#### What you should do
Pull out each line of the records holding the string "rewrite".

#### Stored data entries
(* For every target rate $r>0$, $P_{\rm r}>0$ and $\mathcal C_x\in[0,1)$, writing $\beta=\frac{\Psi_r(\mathcal C_x)}{P_{\rm r}\theta_{\rm rd}(1-\mathcal C_x^2)}$, \[ \mathcal P_{\rm rd}(P_{\rm r},\mathcal C_x)=1-\frac{e^{-\beta}}{\Gamma(m_{\rm sd})\theta_{\rm sd}^{m_{\rm sd}}}\sum_{m=0}^{m_{\rm rd}-1}\sum_{k=0}^m\binom{m}{k}\frac{P_{\rm s}^k\,\Gamma(k+m_{\rm sd})\,\beta^m}{\Gamma(m+1)\left(P_{\rm s}\beta+\frac1{\theta_{\rm sd}}\right)^{k+m_{\rm sd}}}. \]
   Context: Let $P_{\rm s}>0$, $P_{\rm r}>0$ be the source and relay transmit powers. For links $ij\in\{\mathrm{rd},\mathrm{sd}\}$ let $g_{ij}$ be independent random channel gains, $g_{ij}$ gamma distributed with integer shape parameter $m_{ij}\ge1$ and scale $\theta_{ij}=\pi_{ij}/m_{ij}$, $\pi_{ij}=\mathbb E[g_{ij}]>0$; i.e. density $x^{m_{ij}-1}e^{-x/\theta_{ij}}/(\Gamma(m_{ij})\theta_{ij}^{m_{ij}})$, $x\ge0$. For $\mathcal C_x\in[0,1)$ define $R_{\rm rd}(P_{\rm r},\mathcal C_x)=\tfrac12\log_2\frac{(P_{\rm r}g_{\rm rd}+P_{\rm s}g_{\rm sd}+1)^2-(P_{\rm r}g_{\rm rd}\mathcal C_x)^2}{(P_{\rm s}g_{\rm sd}+1)^2}$. For a target rate $r>0$ put $\gamma=2^{2r}-1$ and $\Psi_r(x)=\sqrt{1+\gamma(1-x^2)}-1$. The R–D outage probability is $\mathcal P_{\rm rd}=\mathbb P\{R_{\rm rd}<r\}$. *)

From Stdlib Require Import Reals Lra Factorial Binomial.
Open Scope R_scope.

Definition Gamma_nat (n : nat) : R := INR (fact (n - 1)).

Definition gamma_pdf (m : nat) (th x : R) : R :=
  if Rle_dec 0 x then x ^ (m - 1) * exp (- x / th) / (Gamma_nat m * th ^ m) else 0.

Definition log2 (x : R) : R := ln x / ln 2.

Definition R_rd (Ps Pr Cx g_rd g_sd : R) : R :=
  / 2 * log2 (((Pr * g_rd + Ps * g_sd + 1) ^ 2 - (Pr * g_rd * Cx) ^ 2)
               / (Ps * g_sd + 1) ^ 2).

Definition gamma_r (r : R) : R := Rpower 2 (2 * r) - 1.
Definition Psi (r x : R) : R := sqrt (1 + gamma_r r * (1 - x ^ 2)) - 1.

Definition improper_integral0 (f : R -> R) (l : R) : Prop :=
  (forall b, 0 <= b -> inhabited (Riemann_integrable f 0 b)) /\
  (forall eps, 0 < eps -> exists B, 0 <= B /\
     forall b (pr : Riemann_integrable f 0 b), B <= b -> Rabs (RiemannInt pr - l) < eps).


(* P_rd = P{ R_rd < r } for independent g_rd ~ Gamma(m_rd, th_rd), g_sd ~ Gamma(m_sd, th_sd),
   written as the iterated integral of the indicator against the product density:
   P_rd = int_0^oo f_sd(y) ( int_0^oo 1{R_rd(x,y) < r} f_rd(x) dx ) dy. *)
Definition outage_prob_is (Ps Pr Cx r : R) (m_rd : nat) (th_rd : R)
    (m_sd : nat) (th_sd : R) (p : R) : Prop :=
  exists I : R -> R,
    (forall y, 0 <= y ->
       improper_integral0
         (fun x => (if Rlt_dec (R_rd Ps Pr Cx x y) r then 1 else 0) * gamma_pdf m_rd th_rd x) (I y)) /\
    improper_integral0 (fun y => gamma_pdf m_sd th_sd y * I y) p.

(* For fixed [g_sd = y], the rate [R_rd] is increasing in [g_rd], and solving a quadratic shows
   that the outage event is [g_rd < beta (Ps y + 1) th_rd]; the inner probability is therefore the
   Erlang distribution function [1 - exp (- lam) * sum_(m < m_rd) lam ^ m / m!] at
   [lam = beta (Ps y + 1)].  Expanding [(Ps y + 1) ^ m] binomially, the outer expectation becomes a
   finite combination of gamma integrals [int_0^oo y ^ n exp (- c y) dy = n! / c ^ (n + 1)], which
   are computed from an explicit antiderivative. *)

From Coquelicot Require Import Coquelicot.
From Stdlib Require Import Reals Factorial Binomial Lra Lia.
Open Scope R_scope.

Definition is_RInt_0_pinfty (f : R -> R) (l : R) : Prop :=
  (forall b, 0 <= b -> ex_RInt f 0 b) /\ is_lim (fun b => RInt f 0 b) p_infty l.

Lemma improper_integral0_of_is_RInt_0_pinfty f l :
  is_RInt_0_pinfty f l -> improper_integral0 f l.
Proof.
  intros [Hex Hlim]. split.
  - intros b hb. constructor. apply ex_RInt_Reals_0. now apply Hex.
  - intros eps heps. apply is_lim_spec in Hlim.
    destruct (Hlim (mkposreal eps heps)) as [M HM].
    exists (Rmax 0 (M + 1)). split; [apply Rmax_l|].
    intros b pr hb. rewrite <- RInt_Reals. apply HM.
    pose proof (Rmax_r 0 (M + 1)). lra.
Qed.

Lemma is_RInt_0_pinfty_ext f g l :
  (forall x, 0 < x -> f x = g x) -> is_RInt_0_pinfty f l -> is_RInt_0_pinfty g l.
Proof.
  intros Hfg [Hex Hlim].
  assert (HI : forall b, 0 <= b -> forall x, Rmin 0 b < x < Rmax 0 b -> f x = g x).
  { intros b hb x hx. rewrite Rmin_left in hx by lra. apply Hfg. lra. }
  split.
  - intros b hb. apply (ex_RInt_ext f); [apply HI; exact hb | apply Hex; exact hb].
  - apply is_lim_ext_loc with (fun b => RInt f 0 b); [|exact Hlim].
    exists 0. intros b hb. apply RInt_ext, HI. lra.
Qed.

Lemma is_RInt_0_pinfty_minus f g lf lg :
  is_RInt_0_pinfty f lf -> is_RInt_0_pinfty g lg ->
  is_RInt_0_pinfty (fun x => f x - g x) (lf - lg).
Proof.
  intros [Fex Flim] [Gex Glim]. split.
  - intros b hb. apply (ex_RInt_minus f g); auto.
  - apply is_lim_ext_loc with (fun b => RInt f 0 b - RInt g 0 b); [|now apply is_lim_minus'].
    exists 0. intros b hb. symmetry. apply (RInt_minus f g); [apply Fex|apply Gex]; lra.
Qed.

Lemma is_RInt_0_pinfty_plus f g lf lg :
  is_RInt_0_pinfty f lf -> is_RInt_0_pinfty g lg ->
  is_RInt_0_pinfty (fun x => f x + g x) (lf + lg).
Proof.
  intros [Fex Flim] [Gex Glim]. split.
  - intros b hb. apply (ex_RInt_plus f g); auto.
  - apply is_lim_ext_loc with (fun b => RInt f 0 b + RInt g 0 b); [|now apply is_lim_plus'].
    exists 0. intros b hb. symmetry. apply (RInt_plus f g); [apply Fex|apply Gex]; lra.
Qed.

Lemma is_RInt_0_pinfty_scal f a l :
  is_RInt_0_pinfty f l -> is_RInt_0_pinfty (fun x => a * f x) (a * l).
Proof.
  intros [Fex Flim]. split.
  - intros b hb. apply (ex_RInt_scal f); auto.
  - apply is_lim_ext_loc with (fun b => a * RInt f 0 b).
    + exists 0. intros b hb. symmetry. apply (RInt_scal f). apply Fex; lra.
    + exact (is_lim_scal_l _ a p_infty (Finite l) Flim).
Qed.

#### Written answer
    intros b pr hb. rewrite <- RInt_Reals. apply HM.
  { intros b hb x hx. rewrite Rmin_left in hx by lra. apply Hfg. lra. }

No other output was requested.